- **EXCERPTED DATA**
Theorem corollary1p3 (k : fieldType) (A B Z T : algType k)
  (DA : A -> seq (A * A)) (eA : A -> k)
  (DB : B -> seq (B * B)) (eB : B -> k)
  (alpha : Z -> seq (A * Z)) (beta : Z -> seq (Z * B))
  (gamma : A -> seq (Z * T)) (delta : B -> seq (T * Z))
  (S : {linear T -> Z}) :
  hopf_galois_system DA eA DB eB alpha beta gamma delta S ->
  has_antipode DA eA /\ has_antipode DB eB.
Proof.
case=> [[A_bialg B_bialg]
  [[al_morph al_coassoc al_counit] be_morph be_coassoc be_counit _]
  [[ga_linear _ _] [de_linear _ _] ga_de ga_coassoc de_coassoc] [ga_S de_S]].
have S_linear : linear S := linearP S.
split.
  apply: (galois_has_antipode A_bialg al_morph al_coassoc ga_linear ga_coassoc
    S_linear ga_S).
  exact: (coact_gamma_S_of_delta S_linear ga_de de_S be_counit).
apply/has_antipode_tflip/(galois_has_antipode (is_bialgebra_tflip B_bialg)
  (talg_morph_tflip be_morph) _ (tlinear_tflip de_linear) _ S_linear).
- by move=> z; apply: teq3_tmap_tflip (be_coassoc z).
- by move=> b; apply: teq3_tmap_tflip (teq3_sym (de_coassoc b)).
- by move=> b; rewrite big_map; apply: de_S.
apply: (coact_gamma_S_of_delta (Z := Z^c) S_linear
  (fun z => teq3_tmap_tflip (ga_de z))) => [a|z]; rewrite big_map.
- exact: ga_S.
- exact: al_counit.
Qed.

==

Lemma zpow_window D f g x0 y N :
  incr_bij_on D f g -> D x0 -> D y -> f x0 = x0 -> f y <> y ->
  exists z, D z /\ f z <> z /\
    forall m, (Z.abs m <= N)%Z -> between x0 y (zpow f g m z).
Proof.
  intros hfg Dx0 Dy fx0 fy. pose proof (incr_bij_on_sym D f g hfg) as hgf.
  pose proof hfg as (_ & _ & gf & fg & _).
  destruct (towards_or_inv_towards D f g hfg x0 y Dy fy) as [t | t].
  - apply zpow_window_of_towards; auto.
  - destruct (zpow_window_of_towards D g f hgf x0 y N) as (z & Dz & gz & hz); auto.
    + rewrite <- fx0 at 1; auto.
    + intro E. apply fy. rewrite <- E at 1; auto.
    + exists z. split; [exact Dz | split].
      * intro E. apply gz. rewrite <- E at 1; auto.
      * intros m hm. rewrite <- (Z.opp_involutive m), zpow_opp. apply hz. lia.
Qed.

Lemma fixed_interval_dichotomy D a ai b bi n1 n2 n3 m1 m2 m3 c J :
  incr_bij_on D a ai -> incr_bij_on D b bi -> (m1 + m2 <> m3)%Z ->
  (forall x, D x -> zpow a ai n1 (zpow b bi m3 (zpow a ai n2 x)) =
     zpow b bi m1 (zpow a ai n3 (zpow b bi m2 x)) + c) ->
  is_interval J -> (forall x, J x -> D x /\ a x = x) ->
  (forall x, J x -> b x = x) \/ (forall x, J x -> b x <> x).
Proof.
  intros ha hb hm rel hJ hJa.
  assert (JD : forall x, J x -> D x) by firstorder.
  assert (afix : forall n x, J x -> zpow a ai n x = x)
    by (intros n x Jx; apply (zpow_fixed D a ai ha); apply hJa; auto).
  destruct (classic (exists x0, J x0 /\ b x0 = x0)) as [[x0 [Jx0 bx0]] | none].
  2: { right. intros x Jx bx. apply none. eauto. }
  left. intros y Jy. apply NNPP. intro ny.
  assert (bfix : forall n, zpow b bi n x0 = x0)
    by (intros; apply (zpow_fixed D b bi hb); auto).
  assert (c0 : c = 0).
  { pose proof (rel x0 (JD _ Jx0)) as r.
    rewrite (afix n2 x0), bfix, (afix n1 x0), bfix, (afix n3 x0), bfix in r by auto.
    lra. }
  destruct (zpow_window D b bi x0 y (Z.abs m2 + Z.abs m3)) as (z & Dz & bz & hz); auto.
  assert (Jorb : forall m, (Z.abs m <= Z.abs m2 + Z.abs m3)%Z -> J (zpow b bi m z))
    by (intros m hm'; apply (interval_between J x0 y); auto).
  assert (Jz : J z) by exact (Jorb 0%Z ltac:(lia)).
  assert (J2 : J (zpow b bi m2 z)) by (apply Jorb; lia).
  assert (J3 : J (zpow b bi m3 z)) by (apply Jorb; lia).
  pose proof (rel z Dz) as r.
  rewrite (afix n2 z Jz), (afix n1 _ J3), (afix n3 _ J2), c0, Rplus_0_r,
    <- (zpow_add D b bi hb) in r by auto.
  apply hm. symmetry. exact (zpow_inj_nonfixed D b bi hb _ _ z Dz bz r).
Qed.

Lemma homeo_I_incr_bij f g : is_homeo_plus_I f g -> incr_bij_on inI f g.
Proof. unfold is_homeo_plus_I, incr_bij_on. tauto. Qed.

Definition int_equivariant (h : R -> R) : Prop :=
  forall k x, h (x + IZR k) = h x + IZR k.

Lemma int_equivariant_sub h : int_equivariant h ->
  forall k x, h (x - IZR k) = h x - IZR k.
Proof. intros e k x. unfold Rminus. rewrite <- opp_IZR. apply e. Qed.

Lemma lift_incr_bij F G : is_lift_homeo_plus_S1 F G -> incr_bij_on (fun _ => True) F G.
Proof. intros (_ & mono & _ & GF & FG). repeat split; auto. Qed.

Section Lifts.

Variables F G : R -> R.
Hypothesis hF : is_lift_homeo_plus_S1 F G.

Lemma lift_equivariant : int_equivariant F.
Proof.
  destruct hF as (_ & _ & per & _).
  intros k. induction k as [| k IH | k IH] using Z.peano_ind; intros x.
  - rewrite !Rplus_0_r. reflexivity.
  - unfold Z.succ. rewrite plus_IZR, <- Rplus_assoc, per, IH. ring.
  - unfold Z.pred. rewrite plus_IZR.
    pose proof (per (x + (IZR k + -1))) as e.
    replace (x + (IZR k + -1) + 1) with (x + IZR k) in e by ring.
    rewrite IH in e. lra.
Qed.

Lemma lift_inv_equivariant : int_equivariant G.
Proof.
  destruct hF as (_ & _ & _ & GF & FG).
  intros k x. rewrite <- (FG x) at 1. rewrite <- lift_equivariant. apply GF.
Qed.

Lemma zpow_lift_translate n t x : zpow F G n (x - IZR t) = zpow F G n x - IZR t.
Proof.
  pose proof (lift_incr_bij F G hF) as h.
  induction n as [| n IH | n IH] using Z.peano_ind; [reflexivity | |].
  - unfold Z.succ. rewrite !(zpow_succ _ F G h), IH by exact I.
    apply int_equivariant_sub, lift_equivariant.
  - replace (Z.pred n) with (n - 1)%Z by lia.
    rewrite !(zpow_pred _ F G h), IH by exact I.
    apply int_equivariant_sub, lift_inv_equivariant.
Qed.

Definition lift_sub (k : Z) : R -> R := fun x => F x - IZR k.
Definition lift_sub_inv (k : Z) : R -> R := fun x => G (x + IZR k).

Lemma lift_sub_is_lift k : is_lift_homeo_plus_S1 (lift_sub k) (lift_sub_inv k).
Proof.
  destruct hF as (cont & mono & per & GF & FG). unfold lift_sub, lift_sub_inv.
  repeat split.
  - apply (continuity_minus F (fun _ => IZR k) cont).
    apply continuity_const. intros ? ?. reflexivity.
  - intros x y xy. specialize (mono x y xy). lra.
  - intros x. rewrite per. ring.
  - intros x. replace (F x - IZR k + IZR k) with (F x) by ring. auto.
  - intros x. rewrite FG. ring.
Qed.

- **TASK OBJECTIVE**
Beginning at the line with "fy. rewrite <- E at 1; auto." and stopping after the line with "intros ha hb hm rel hJ hJa.", please write out every line of the data above exactly and nothing else.

- **SOLUTION TO THIS TASK**
    + intro E. apply fy. rewrite <- E at 1; auto.
    + exists z. split; [exact Dz | split].
      * intro E. apply gz. rewrite <- E at 1; auto.
      * intros m hm. rewrite <- (Z.opp_involutive m), zpow_opp. apply hz. lia.
Qed.

Lemma fixed_interval_dichotomy D a ai b bi n1 n2 n3 m1 m2 m3 c J :
  incr_bij_on D a ai -> incr_bij_on D b bi -> (m1 + m2 <> m3)%Z ->
  (forall x, D x -> zpow a ai n1 (zpow b bi m3 (zpow a ai n2 x)) =
     zpow b bi m1 (zpow a ai n3 (zpow b bi m2 x)) + c) ->
  is_interval J -> (forall x, J x -> D x /\ a x = x) ->
  (forall x, J x -> b x = x) \/ (forall x, J x -> b x <> x).
Proof.
  intros ha hb hm rel hJ hJa.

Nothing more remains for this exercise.